» EXERCISE
Scan the records below and report how many lines include the string "Require"; the number alone will do.

Saved data entries:
(* Let $p,q$ be positive integers with $p+q$ odd. For every $n\ge2$, $$|\mathcal{J}^{p,q}_n|=\frac{2\,|\mathcal{J}^{p,q}_{n-1}|^2}{|D_{2^{\lfloor (n-1)/2\rfloor+1}}|}.$$
   Context: Let $p,q$ be positive integers with $p+q$ odd. $\mathbb{Z}_{2^k}$ denotes the integers modulo $2^k$ ($\mathbb{Z}_1$ trivial); as $p+q$ is odd, division by $p+q$ and $(p+q)^2$ is well defined in $\mathbb{Z}_{2^k}$. For $m\ge1$, $D_{2m}$ is the dihedral group of order $2m$, realized as pairs $(f,x)$, $f\in\mathbb{Z}_2$, $x\in\mathbb{Z}_m$, with product $(f_1,x_1)(f_2,x_2)=(f_1+f_2,x_1+(-1)^{f_1}x_2)$. Define $\Phi:D_{2m}\to D_{2m}$, $\Phi((f,x))=(f,\delta(f=1)(p+q)(p-q)-x)$, where $\delta(f=1)$ is $1$ if $f=1$ and $0$ otherwise. $\mathrm{Aut}(T_1)$ is trivial; for $k\ge1$, $\mathrm{Aut}(T_{k+1})$ is the set of triples $g=(g_f,g_L,g_R)$, $g_f\in\mathbb{Z}_2$, $g_L,g_R\in\mathrm{Aut}(T_k)$, with product $(f,A,B)(g,C,D)=(f+g,AC,BD)$ if $f=0$ and $(f+g,AD,BC)$ if $f=1$; subscripts chain ($g_{LR}=(g_L)_R$, $g_{Lf}=(g_L)_f$). Recursively: $\mathcal{J}_1=\mathrm{Aut}(T_2)$, $\psi_1=0$, $\Delta_1(g)=(g_f,0)$; $\mathcal{J}_2=\{g\in\mathrm{Aut}(T_3):g_L=g_R\}$, $\psi_2(g)=\delta(g_{Lf}=1)\in\mathbb{Z}_2$, $\Delta_2(g)=(g_f,\psi_2(g))$; for $n\ge3$, $\mathcal{J}_n=\{g\in\mathrm{Aut}(T_{n+1}):g_L,g_R\in\mathcal{J}_{n-1},\ \Delta_{n-1}(g_L)=\Phi(\Delta_{n-1}(g_R))\}$, with $\psi_n:\mathcal{J}_n\to\mathbb{Z}_{2^{\lfloor n/2\rfloor}}$ given by $\psi_n(g)=(\psi_{n-1}(g_L)+\psi_{n-1}(g_R))/(p+q)$ for odd $n$ and $\psi_n(g)=\big(2(\psi_{n-2}(g_{LL})+\psi_{n-2}(g_{RL}))-\delta(g_{Lf}=1)(p+q)(p-q)\big)/(p+q)^2$ for even $n$ (with $2\psi_{n-2}(\cdot)$ read in $\mathbb{Z}_{2^{n/2}}$), and $\Delta_n:\mathcal{J}_n\to D_{2^{\lfloor n/2\rfloor+1}}$ given by $\Delta_n(g)=(g_f,\psi_{n-1}(g_L)-\psi_{n-1}(g_R))$ for odd $n$ and $\Delta_n(g)=(g_f,(p+q)\psi_n(g)-2\psi_{n-1}(g_R))$ for even $n$. *)

From mathcomp Require Import all_boot all_algebra.
Unset Printing Implicit Defensive.
Import GRing.Theory Num.Theory.
Local Open Scope ring_scope.

(* AutT k = Aut(T_{k+1}):  Aut(T_1) = unit (trivial),
   Aut(T_{k+2}) = triples (g_f, g_L, g_R) with g_f : Z_2 (bool), g_L,g_R in Aut(T_{k+1}).
   For g : AutT k.+1 :  g.1.1 = g_f,  g.1.2 = g_L,  g.2 = g_R. *)
Fixpoint AutT (k : nat) : finType :=
  match k with
  | 0 => Finite.clone unit _
  | S k => Finite.clone (bool * AutT k * AutT k)%type _
  end.

(* Elements of Z_{2^k} are represented by their canonical representative in
   [0, 2^k) (an int). *)
Definition zmod (k : nat) (x : int) : int := (x %% (2 ^ k)%:Z)%Z.

(* Division x / a in Z_{2^k} (a odd): the unique y in [0,2^k) with a*y = x mod 2^k. *)
Definition zdiv (k : nat) (x a : int) : int :=
  (nth 0%N [seq y <- iota 0 (2 ^ k) | ((a * y%:Z - x) %% (2 ^ k)%:Z)%Z == 0] 0%N)%:Z.

(* Elements (f, x) of D_{2^{k+1}} = Z_2 x Z_{2^k}, represented as (f, canonical rep of x). *)
Definition dihedral_order (k : nat) : nat := #|{: bool * 'I_(2 ^ k)}|.

Section Construction.
Variables p q : nat.

Definition PQ : int := (p + q)%:Z.
Definition cPQ : int := ((p + q)%:Z * (p%:Z - q%:Z)).

Definition Phi (k : nat) (d : bool * int) : bool * int :=
  (d.1, zmod k ((if d.1 then cPQ else 0) - d.2)).

(* psi n : J_n -> Z_{2^{floor(n/2)}}, defined on all of Aut(T_{n+1}) = AutT n.
   psi 1 = 0;  psi 2 g = delta(g_{Lf} = 1);
   odd n >= 3:  psi n g = (psi_{n-1}(g_L) + psi_{n-1}(g_R)) / (p+q);
   even n >= 4: psi n g = (2(psi_{n-2}(g_LL) + psi_{n-2}(g_RL)) - delta(g_Lf=1)(p+q)(p-q)) / (p+q)^2.
   (prev = psi (n-1), pprev = psi (n-2) below.) *)
Fixpoint psi (n : nat) : AutT n -> int :=
  match n return AutT n -> int with
  | 0 => fun _ => 0
  | S m =>
    (match m as m' return (AutT m' -> int) -> AutT m'.+1 -> int with
     | 0 => fun _ _ => 0
     | S k => fun prev =>
       (match k as k' return
          (AutT k'.+1 -> int) -> (AutT k' -> int) -> AutT k'.+2 -> int with
        | 0 => fun _ _ g => if g.1.2.1.1 then 1 else 0
        | S _ => fun prev pprev g =>
            if odd n then
              zdiv (n./2) (prev (g.1.2) + prev (g.2)) PQ
            else
              zdiv (n./2)
                (2 * (pprev (g.1.2.1.2) + pprev (g.2.1.2))
                   - (if g.1.2.1.1 then cPQ else 0))
                (PQ * PQ)
        end) prev (psi k)
     end) (psi m)
  end.

(* Delta n : J_n -> D_{2^{floor(n/2)+1}}:
   Delta 1 g = (g_f, 0);  Delta 2 g = (g_f, psi_2(g));
   odd n >= 3:  (g_f, psi_{n-1}(g_L) - psi_{n-1}(g_R));
   even n >= 4: (g_f, (p+q) psi_n(g) - 2 psi_{n-1}(g_R)). *)
Definition Delta (n : nat) : AutT n -> bool * int :=
  match n return AutT n -> bool * int with
  | 0 => fun _ => (false, 0)
  | 1 => fun g => (g.1.1, 0)
  | 2 => fun g => (g.1.1, psi 2 g)
  | S (S (S j)) => fun g =>
      if odd j.+3 then
        (g.1.1, zmod (j.+3)./2 (psi j.+2 (g.1.2) - psi j.+2 (g.2)))
      else
        (g.1.1, zmod (j.+3)./2 (PQ * psi j.+3 g - 2 * psi j.+2 (g.2)))
  end.

(* Membership in J_n (a subset of Aut(T_{n+1}) = AutT n), for n >= 1:
   J_1 = Aut(T_2);  J_2 = {g | g_L = g_R};
   n >= 3: g_L, g_R in J_{n-1} and Delta_{n-1}(g_L) = Phi(Delta_{n-1}(g_R))
   (Phi acting on D_{2^{floor((n-1)/2)+1}}).  (prev = inJ (n-1) below.) *)
Fixpoint inJ (n : nat) : AutT n -> bool :=
  match n return AutT n -> bool with
  | 0 => fun _ => true (* J_0 is not used *)
  | S m =>
    (match m as m' return (AutT m' -> bool) -> AutT m'.+1 -> bool with
     | 0 => fun _ _ => true
     | S k =>
       (match k as k' return (AutT k'.+1 -> bool) -> AutT k'.+2 -> bool with
        | 0 => fun _ g => g.1.2 == g.2
        | S j => fun prev g =>
            [&& prev (g.1.2), prev (g.2) &
                Delta j.+2 (g.1.2) == Phi (j.+2)./2 (Delta j.+2 (g.2))]
        end)
     end) (inJ m)
  end.

Definition J (n : nat) : {set AutT n} := [set g | inJ n g].

End Construction.

From mathcomp Require Import all_boot all_algebra.
From mathcomp Require Import zify ring.
Import GRing.Theory Num.Theory.
Local Open Scope ring_scope.

(* For g in Aut(T_(k+3)) put Y = psi_(k+1)(g_R), X = psi_(k+1)(g_L) if k is odd
   and X = psi_(k+2)(g) if k is even, and call (g_f, X, Y) the signature of g.
   It determines Delta_(k+2)(g), and the signature of a node (f, L, R) is a
   function of f and of the signatures of L and R.  By induction on k, every
   value of Z_2 x [0, 2^((k+2)/2)) x [0, 2^((k+1)/2)) is the signature of the
   same number C_k of elements of J_(k+2).  For the induction step, fix a
   signature at level k+1 and count the pairs of child signatures satisfying
   Delta(g_L) = Phi(Delta(g_R)): since p+q and (p+q)(p-q) are odd, the
   conditions are congruences modulo powers of 2 that determine all but one free
   coordinate, leaving 2^((k+1)/2) solutions; thus C_(k+1) = C_k^2 2^((k+1)/2).
   Counting J_(k+2) fibre by fibre gives |J_(k+2)| = 2 C_k 2^((k+2)/2) 2^((k+1)/2),
   and the identity follows. *)

Section ResiduesModPow2.
(* The only novel partition of length $5$ is $(2,1,1,1,1)$.
   Context: An integer partition is $\lambda=(\lambda_1,\dots,\lambda_k)$ with integers $\lambda_1\ge\dots\ge\lambda_k\ge 1$; $k$ is its length. For $v\in\mathbb{Z}^k$ let $v^{\perp B}=\{x\in\{-1,1\}^k: v\cdot x=0\}$; $\lambda^{\perp B}$ is this set for $(\lambda_1,\dots,\lambda_k)$. $V_\lambda\subset\mathbb{Z}^k$ is the set of vectors obtained from $(\lambda_1,\dots,\lambda_k)$ by permuting coordinates and changing signs of some coordinates, with first coordinate positive. For $I\subset\{1,\dots,m\}$, $\mathrm{Proj}_I:\{-1,1\}^m\to\{-1,1\}^{|I|}$ keeps the coordinates indexed by $I$. Reduction: for partitions $\mu$ of length $m$ and $\lambda$ of length $k\le m$, $\mu\Rightarrow\lambda$ iff there exist $I\subset\{1,\dots,m\}$, $|I|=k$, and $v\in V_\lambda$ with $\mathrm{Proj}_I(\mu^{\perp B})\subset v^{\perp B}$. $\mu$ strictly reduces to $\lambda$ iff $\mu\Rightarrow\lambda$ and not $\lambda\Rightarrow\mu$. Partitions $\lambda,\mu$ of the same length are equivalent iff there is $w\in V_\mu$ with $\lambda^{\perp B}=w^{\perp B}$. A partition $\lambda$ is novel iff $\lambda^{\perp B}\neq\emptyset$, $\lambda$ strictly reduces to no partition, and $\lambda$ is lexicographically smallest among partitions equivalent to it. *)

From HB Require Import structures.
From mathcomp Require Import all_boot all_order all_algebra.
Set Implicit Arguments. Unset Strict Implicit. Unset Printing Implicit Defensive.
Import GRing.Theory Num.Theory.

Definition is_partition (l : seq nat) : bool :=
  [&& 0 < size l, sorted geq l & all (fun a => 0 < a) l].

Definition is_sign (z : int) : bool := (z == 1%R) || (z == (-1)%R).

Definition dotZ (v x : seq int) : int := (\sum_(p <- zip v x) p.1 * p.2)%R.

Definition perpB (v x : seq int) : bool :=
  [&& size x == size v, all is_sign x & dotZ v x == 0%R].

Definition vecZ (l : seq nat) : seq int := map Posz l.
Lemma normalized_root_bound {R : realType} (M I : \bar R) (C r p : R) :
  0 < r -> 0 < p -> 0 <= C -> (0 < M)%E -> (M < +oo)%E -> (0 <= I)%E ->
  (I <= (C * r `^ (- (2 * p)))%:E * M)%E ->
  ((r ^+ 2)%:E * poweR ((fine M)^-1%:E * I) p^-1 <= (C `^ p^-1)%:E)%E.
Proof.
move=> r0 p0 C0 M0 Moo I0 IC.
have M_eq : M = (fine M)%:E by rewrite fineK// ge0_fin_numE ?ltW.
set m := fine M in M_eq *; have m0 : 0 < m by rewrite -lte_fin -M_eq.
have avg_le : ((m^-1)%:E * I <= (C * r `^ (- (2 * p)))%:E)%E.
  rewrite lee_pdivrMl// muleC -M_eq; exact: IC.
have pinv0 : 0 <= p^-1 by rewrite invr_ge0 ltW.
have root_le := gt0_ler_poweR pinv0 _ _ avg_le.
rewrite poweR_EFin in root_le.
apply: le_trans (lee_wpmul2l _ (root_le _ _)) _.
- by rewrite lee_fin exprn_ge0 ?ltW.
- by rewrite in_itv /= leey andbT mule_ge0// lee_fin invr_ge0 ltW.
- by rewrite in_itv /= leey andbT lee_fin mulr_ge0 ?powR_ge0.
rewrite -EFinM lee_fin powRM ?powR_ge0// -powRrM.
have -> : - (2 * p) * p^-1 = - 2 by field; rewrite gt_eqF.
by rewrite powRN powR_mulrn ?(ltW r0)// mulrCA mulfV ?mulr1// expf_neq0// gt_eqF.
Qed.

Theorem mainTheorem7 (R : realType) (A eta a nu p : R) :
  0 < A -> 0 < eta -> 0 < a -> 1 < nu -> 1 < p -> p < nu / 2 ->
  exists Kp : R,
  forall (d : measure_display) (T : measurableType d) (dist : T -> T -> R)
         (mu : {measure set T -> \bar R}) (Rad : \bar R),
    is_metric dist ->
    (forall x r, measurable (mball dist x r)) ->
    (forall x r, 0 < r ->
        (0 < mu (mball dist x r))%E /\ (mu (mball dist x r) < +oo)%E) ->
    (0 < Rad)%E ->
    doubling_R dist mu Rad A eta ->
    rev_doubling_R dist mu Rad a nu ->
    forall (o x : T) (r : R), 0 < r -> (r%:E < Rad)%E ->
      ((r ^+ 2)%:E *
         poweR ((fine (mu (mball dist x r)))^-1%:E *
                  \int[mu]_(y in mball dist x r) inv_dist_pow dist o p y)
               p^-1
       <= Kp%:E)%E.
Proof.
move=> A0 _ a0 _ p1 pnu.
have p0 : 0 < p by lra.
have two_p_lt_nu : 2 * p < nu by lra.
pose C := singular_integral_const A eta a nu p.
have C0 : 0 <= C by apply: singular_integral_const_ge0 => //; exact: ltW.
exists (C `^ p^-1) => d T dist mu Rad metric ball_meas ball_pos _ Dbl RDbl o x r r0 rR.
have [M0 Moo] := ball_pos x r r0.
have ball_finite y s : 0 < s -> (mu (mball dist y s) < +oo)%E.
  by move=> s0; case: (ball_pos y s s0).
apply: normalized_root_bound => //.
  by apply: integral_ge0 => y _; exact: inv_dist_pow_ge0.
exact: (integral_inv_dist_pow_le metric ball_meas Dbl RDbl (ltW A0) a0 ball_finite).
Qed.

» TASK RESULT
5